In Chechnya, rebels launched a huge attack on the capital Grozny, and two other towns, in their biggest offensive for five months.

The rebels shot down four helicopter gunships and killed and wounded scores of Russian troops. There was heavy fighting around government buildings and the railway station, and rebels took control of several main roads.

Meanwhile, the independent miners' union threatened a nationwide coal strike from 25 August if the state does not pay their wages; the miners have not been paid for months.

The two issues were the focus of a meeting between Mr Yeltsin and his prime minister, Viktor Chernomyrdin, whose journey to the Kremlin from the country area where ministers relax in summer was itself dramatic. Just minutes before Mr Chernomyrdin's limousine zoomed past, an explosion rocked the main road which links the government dachas to central Moscow.

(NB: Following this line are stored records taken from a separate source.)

Lemma five_lemma : is_iso z.
Proof.
have [s zs] := five_lemma_epi (idm Z'); exists s; split=> //.
apply/eqP; rewrite -subr_eq0; apply/eqP/five_lemma_mono.
by rewrite compmDr compmN compmA -zs comp1m compm1 subrr.
Qed.

End FiveLemma.

Record biprod (X1 X2 : Ob) := Biprod {
  bp_obj : Ob;
  bp_in1 : Mor X1 bp_obj;
  bp_in2 : Mor X2 bp_obj;
  bp_pr1 : Mor bp_obj X1;
  bp_pr2 : Mor bp_obj X2;
  bp_ax : is_biproduct bp_in1 bp_in2 bp_pr1 bp_pr2 }.

Lemma exists_biprod (X1 X2 : Ob) : inhabited (biprod X1 X2).
Proof.
case: hT => -[_ _ /(_ X1 X2) [P [i1 [i2 [p1 [p2 bP]]]]]] _ _ _ _.
exact: inhabits (Biprod bP).
Qed.

Lemma biprod_ofP (X1 X2 : Ob) (b : biprod X1 X2) : biprod_of X1 X2 (bp_obj b).
Proof. by exists (bp_in1 b), (bp_in2 b), (bp_pr1 b), (bp_pr2 b); apply: bp_ax. Qed.

Section BiprodLaws.
Variables (X1 X2 : Ob) (b : biprod X1 X2).

Lemma bp_pr1_in1 : comp (bp_pr1 b) (bp_in1 b) = idm X1. Proof. by case: (bp_ax b). Qed.
Lemma bp_pr2_in2 : comp (bp_pr2 b) (bp_in2 b) = idm X2. Proof. by case: (bp_ax b). Qed.
Lemma bp_pr1_in2 : comp (bp_pr1 b) (bp_in2 b) = 0. Proof. by case: (bp_ax b). Qed.
Lemma bp_pr2_in1 : comp (bp_pr2 b) (bp_in1 b) = 0. Proof. by case: (bp_ax b). Qed.

Lemma bp_pr1_in1K (W : Ob) (k : Mor W X1) : comp (bp_pr1 b) (comp (bp_in1 b) k) = k.
Proof. by rewrite compmA bp_pr1_in1 comp1m. Qed.
Lemma bp_pr2_in2K (W : Ob) (k : Mor W X2) : comp (bp_pr2 b) (comp (bp_in2 b) k) = k.
Proof. by rewrite compmA bp_pr2_in2 comp1m. Qed.
Lemma bp_pr1_in2K (W : Ob) (k : Mor W X2) : comp (bp_pr1 b) (comp (bp_in2 b) k) = 0.
Proof. by rewrite compmA bp_pr1_in2 comp0m. Qed.
Lemma bp_pr2_in1K (W : Ob) (k : Mor W X1) : comp (bp_pr2 b) (comp (bp_in1 b) k) = 0.
Proof. by rewrite compmA bp_pr2_in1 comp0m. Qed.

Lemma bp_idm : comp (bp_in1 b) (bp_pr1 b) + comp (bp_in2 b) (bp_pr2 b) = idm (bp_obj b).
Proof. by case: (bp_ax b). Qed.

Lemma bp_decomp (W : Ob) (k : Mor W (bp_obj b)) :
  comp (bp_in1 b) (comp (bp_pr1 b) k) + comp (bp_in2 b) (comp (bp_pr2 b) k) = k.
Proof. by rewrite !compmA -compmDl bp_idm comp1m. Qed.

End BiprodLaws.

Ltac bp_simpl b :=
  rewrite ?(bp_pr1_in1K b) ?(bp_pr2_in2K b) ?(bp_pr1_in2K b) ?(bp_pr2_in1K b)
          ?(bp_pr1_in1 b) ?(bp_pr2_in2 b) ?(bp_pr1_in2 b) ?(bp_pr2_in1 b).

Lemma is_biproduct_Sig (X1 X2 P : Ob) (i1 : Mor X1 P) (i2 : Mor X2 P)
    (p1 : Mor P X1) (p2 : Mor P X2) :
  is_biproduct i1 i2 p1 p2 -> is_biproduct (sigm i1) (sigm i2) (sigm p1) (sigm p2).
Proof.
case=> e11 e22 e12 e21 e; split; rewrite -?sigmM ?e11 ?e22 ?e12 ?e21 ?sigm0 ?sigm1 //.
by rewrite -sigmD e sigm1.
Qed.

Definition Sig_biprod (X1 X2 : Ob) (b : biprod X1 X2) : biprod (Sig X1) (Sig X2) :=
  Biprod (is_biproduct_Sig (bp_ax b)).

Definition bp_diag (X1 X2 Y1 Y2 : Ob) (bX : biprod X1 X2) (bY : biprod Y1 Y2)
    (f1 : Mor X1 Y1) (f2 : Mor X2 Y2) : Mor (bp_obj bX) (bp_obj bY) :=
  comp (bp_in1 bY) (comp f1 (bp_pr1 bX)) + comp (bp_in2 bY) (comp f2 (bp_pr2 bX)).

Section Diagonal.
Variables (X1 X2 Y1 Y2 : Ob) (bX : biprod X1 X2) (bY : biprod Y1 Y2).
Variables (f1 : Mor X1 Y1) (f2 : Mor X2 Y2).

Lemma bp_pr1_diag : comp (bp_pr1 bY) (bp_diag bX bY f1 f2) = comp f1 (bp_pr1 bX).
Proof. by rewrite /bp_diag; comp_norm; bp_simpl bY; comp_norm. Qed.

Lemma bp_pr2_diag : comp (bp_pr2 bY) (bp_diag bX bY f1 f2) = comp f2 (bp_pr2 bX).
Proof. by rewrite /bp_diag; comp_norm; bp_simpl bY; comp_norm. Qed.

Lemma bp_diag_in1 : comp (bp_diag bX bY f1 f2) (bp_in1 bX) = comp (bp_in1 bY) f1.
Proof. by rewrite /bp_diag; comp_norm; bp_simpl bX; comp_norm. Qed.

Lemma bp_diag_in2 : comp (bp_diag bX bY f1 f2) (bp_in2 bX) = comp (bp_in2 bY) f2.
Proof. by rewrite /bp_diag; comp_norm; bp_simpl bX; comp_norm. Qed.

Lemma bp_diag_comp (Z1 Z2 : Ob) (bZ : biprod Z1 Z2) (g1 : Mor Y1 Z1) (g2 : Mor Y2 Z2) :
  comp (bp_diag bY bZ g1 g2) (bp_diag bX bY f1 f2) = bp_diag bX bZ (comp g1 f1) (comp g2 f2).
Proof.
by rewrite {1}/bp_diag compmDl -!compmA bp_pr1_diag bp_pr2_diag /bp_diag; comp_norm.
Qed.

Lemma sigm_diag :
  sigm (bp_diag bX bY f1 f2) = bp_diag (Sig_biprod bX) (Sig_biprod bY) (sigm f1) (sigm f2).
Proof. by rewrite /bp_diag /=; comp_norm. Qed.

End Diagonal.

Lemma bp_diag0 (X1 X2 Y1 Y2 : Ob) (bX : biprod X1 X2) (bY : biprod Y1 Y2) :
  bp_diag bX bY 0 0 = 0.
Proof. by rewrite /bp_diag; comp_norm. Qed.

Lemma hom_exact_diag (X1 X2 Y1 Y2 Z1 Z2 : Ob)
    (bX : biprod X1 X2) (bY : biprod Y1 Y2) (bZ : biprod Z1 Z2)
    (f1 : Mor X1 Y1) (g1 : Mor Y1 Z1) (f2 : Mor X2 Y2) (g2 : Mor Y2 Z2) :
  hom_exact f1 g1 -> hom_exact f2 g2 -> hom_exact (bp_diag bX bY f1 f2) (bp_diag bY bZ g1 g2).
Proof.
move=> [g1f1 ex1] [g2f2 ex2]; split; first by rewrite bp_diag_comp g1f1 g2f2 bp_diag0.
move=> W k gk.
have [n1 e1] : exists n1, comp (bp_pr1 bY) k = comp f1 n1.
  by apply: ex1; rewrite compmA -(bp_pr1_diag bY bZ g1 g2) -compmA gk compm0.
have [n2 e2] : exists n2, comp (bp_pr2 bY) k = comp f2 n2.
  by apply: ex2; rewrite compmA -(bp_pr2_diag bY bZ g1 g2) -compmA gk compm0.
exists (comp (bp_in1 bX) n1 + comp (bp_in2 bX) n2).
by rewrite compmDr !compmA bp_diag_in1 bp_diag_in2 -!compmA -e1 -e2 bp_decomp.
Qed.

Muscovites are already nervous after a series of terrorist incidents, including a fatal bombing on the metro and explosions on two trolleybuses which injured 30 people. A link to Chechnya has not been proved but the rebels have become increasingly angry about Moscow's behaviour in the region since Mr Yeltsin's re-election last month.

In the run-up to the election, he agreed a truce with separatist leaders and launched a follow-up peace process which should have involved the gradual withdrawal of Russian troops. But no sooner was Mr Yeltsin re- elected than federal forces began attacking Chechen villages on the pretext of wiping out rebel bases. Yesterday's raids were a reply from the separatists, whose leader, Zelimkhan Yandarbiyev, had accused Russian forces of killing civilians in what he called "cynical air strikes".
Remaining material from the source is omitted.